Stay in the Present – what is the best gift you could give to yourself and others at your holiday gathering?  Being present.  Cultivate appreciation for your friends and family in your life at the moment.

Hold realistic Expectations – if you become frustrated that the holidays aren’t going according to plan, remember there is no such thing as a perfect family or perfect holiday.  What can you learn and how can you grow from your family?

Maintain Your Routine – as much as possible, maintain your typical sleeping, eating, and exercise schedules.  Your vitality can be weakened by changes in routine, which can lead to feelings of anxiety or irritation.

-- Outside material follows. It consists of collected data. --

(* Let $p>3$ be prime, $t\in\{1,3,p,3p\}$, and $1\le r\le 3p-1$ with $\gcd(r,3p)=1$. Then \[\mathsf{c}(V_{3p},a_{3p,r,t})=\begin{cases}\gcd(3p,t) & \text{if } r=1,\\ 3+\frac{3(p-1)}{|r|_p} & \text{if } 1\ne r\equiv1\pmod 3\text{ and } t\in\{3,3p\},\\ 1+\frac{p-1}{|r|_p} & \text{if } 1\ne r\equiv 1\pmod3,\ t\in\{1,p\},\ 3\nmid|r|_p,\\ 1+\frac{3(p-1)}{|r|_p} & \text{if } 1\ne r\equiv1\pmod 3,\ t\in\{1,p\},\ 3\mid|r|_p,\\ 2\gcd(p,t) & \text{if } r\equiv 2\pmod 3\text{ and } r\equiv1\pmod p,\\ 2+\frac{2(p-1)}{|r|_p} & \text{if } r\equiv2\pmod3,\ r\not\equiv1\pmod p,\ |r|_p\text{ odd},\\ 2+\frac{3(p-1)}{|r|_p} & \text{if } r\equiv 2\pmod 3,\ r\not\equiv 1\pmod p,\ |r|_p\text{ even}.\end{cases}\]
   Context: $\mathrm{D}_{6p}=\langle u,v\mid u^{3p}=1=v^2,\ vuv=u^{-1}\rangle$. For integers $r,t$ with $\gcd(r,3p)=1$, $a_{3p,r,t}$ is the automorphism of $\mathrm{D}_{6p}$ with $u^i\mapsto u^{ri}$, $u^jv\mapsto u^{rj+t}v$. $V_{3p}:=\{u^iv:0\le i\le 3p-1\}$, and $\mathsf{c}(V_{3p},a)$ is the number of cycles (including fixed points) of the permutation induced by $a$ on $V_{3p}$. $|r|_p$ is the multiplicative order of $r$ modulo $p$. *)

From mathcomp Require Import all_boot.
Set Implicit Arguments. Unset Strict Implicit. Unset Printing Implicit Defensive.

(* Dihedral group D_{2n} = < u, v | u^n = 1 = v^2, v u v = u^-1 >.
   Every element is uniquely u^i (i in Z/n) or u^i v; we encode it as a pair
   (i, b) : 'I_n * bool, with (i, false) = u^i and (i, true) = u^i v. *)
Definition dih (n : nat) := ('I_n * bool)%type.

(* reduction of k modulo n, as an element of 'I_n (the argument x only
   witnesses 0 < n). *)
Definition modI n (x : 'I_n) (k : nat) : 'I_n :=
  Ordinal (ltn_pmod k (leq_ltn_trans (leq0n x) (ltn_ord x))).

Definition aut (n r t : nat) (x : dih n) : dih n :=
  if x.2 then (modI x.1 (r * x.1 + t), true) else (modI x.1 (r * x.1), false).

Definition Vrefl (n : nat) : pred (dih n) := fun x => x.2.

(* c(V_n, a) : number of cycles (orbits, fixed points included) of the
   permutation induced by a on V_n. *)
Definition ncycles (n : nat) (a : dih n -> dih n) : nat := fcard a (@Vrefl n).

(* |r|_p : multiplicative order of r modulo p (least k > 0 with
   r^k = 1 mod p; for r coprime to the prime p it is < p). *)
Definition ordmod (p r : nat) : nat :=
  find (fun k => (0 < k) && (r ^ k == 1 %[mod p])) (iota 0 p).

Arguments aut : clear implicits.
Arguments Vrefl : clear implicits.

From mathcomp Require Import all_boot ssralg zmodp ring.
Set Implicit Arguments. Unset Strict Implicit. Unset Printing Implicit Defensive.
Import GRing.Theory.

(* By the Chinese remainder theorem, u^i v |-> (i mod 3, i mod p) identifies
   V_{3p} with F_3 x F_p, and a_{3p,r,t} acts there as the product of the two
   affine maps y |-> r y + t.  An affine map y |-> rho y + tau of F_q is a
   translation when rho = 1, so all its orbits have length 1 or q; otherwise it
   fixes tau / (1 - rho) and every other orbit has length the order of rho.
   A point of the product has orbit length the lcm of the orbit lengths of its
   coordinates, so cutting each factor into these pieces of uniform period and
   dividing the size of each product piece by its lcm period counts the cycles. *)

Section UniformPeriod.
Variables (T : finType) (f : T -> T).
Hypothesis f_inj : injective f.

Lemma dvdn_order x k : (order f x %| k) = (iter k f x == x).
Proof.
have iter_mul_order q : iter (q * order f x) f x = x.
  by elim: q => // q IHq; rewrite mulSn iterD IHq (iter_order f_inj).
rewrite {2}(divn_eq k (order f x)) addnC iterD iter_mul_order /dvdn.
case: (k %% order f x) (ltn_pmod k (order_gt0 f x)) => [|s] ltso.
  by rewrite !eqxx.
apply/esym/negbTE/eqP => iter_s.
by have := findex_iter ltso; rewrite iter_s findex0.
Qed.

Lemma fcard_uniform_period (a : {pred T}) L :
    fclosed f a -> {in a, forall x k, (iter k f x == x) = (L %| k)} ->
  fcard f a = #|a| %/ L.
Proof.
move=> cl_a per_a.
have order_a : {in a, forall x, order f x = L}.
  move=> x ax; apply/eqP.
  by rewrite eqn_dvd dvdn_order -(per_a x ax) (iter_order f_inj) eqxx andbT per_a.
have [L0 | L_gt0] := posnP L.
  have a0 : a =i pred0.
    by move=> x; apply/idP => ax; have := order_gt0 f x; rewrite order_a ?L0.
  by rewrite L0 divn0 (eq_n_comp_r a0); apply: eq_card0 => x; rewrite !inE andbF.
rewrite -(fcard_order_set f_inj (n := L) _ cl_a) ?mulnK //.
by apply/subsetP => x ax; rewrite inE order_a.
Qed.
End UniformPeriod.

Lemma n_compID (T : finType) (e : rel T) (a b : {pred T}) :
  n_comp e a = n_comp e [predI a & b] + n_comp e [predI a & [predC b]].
Proof.
rewrite /n_comp_mem -(cardID b); congr (_ + _); apply: eq_card => x.
  by rewrite !inE andbA.
by rewrite !inE andbC andbA.
Qed.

Make Clear Requests – your friends and family won’t know what’s important to you unless you voice it.  Clearly stating your needs can help to reduce holiday stress and develop closer family ties.

Practice Gratitude – gratitude is a powerful force that you can use to expand your happiness, improve your health, and – you guessed it – help you cope with stress.  Organize a time when your family sits down to share what they love about the holidays, or about individual members of the family.

Say Cheese – no one can deny the mind-body connection.  So, it you’re looking for a way out of stress, you’ll need to smile more.  Organize a family photo shoot or make sure to have your camera on-hand when everyone first arrives to the holiday meal, gathering, or party.  Capture those first hugs, ask for the best grins, and snap all those treasured moments.  You can revisit them mid-year to remember how great the holidays can actually be.

Make Restful Sleep a Priority – good quality rest is one of the pillars of healthy living.  In rhythm with the sun going down and birds flocking to their nests, we should also go to sleep early, ideally before 10pm.  If you are a late riser, try shifting your bedtime closer to 10pm by 15 minutes per night.  This will give you the time to enjoy nature’s early morning calm, ever-more important during the stressful holiday season.

The Secret to making your holiday inspiring is actually quite simple.  Be inspiring yourself.  As with any change, you must be the change you want to see in others.

All of us at ELM Mental Wellness wish you and your family a Safe, Happy, Inspiring Holiday Season!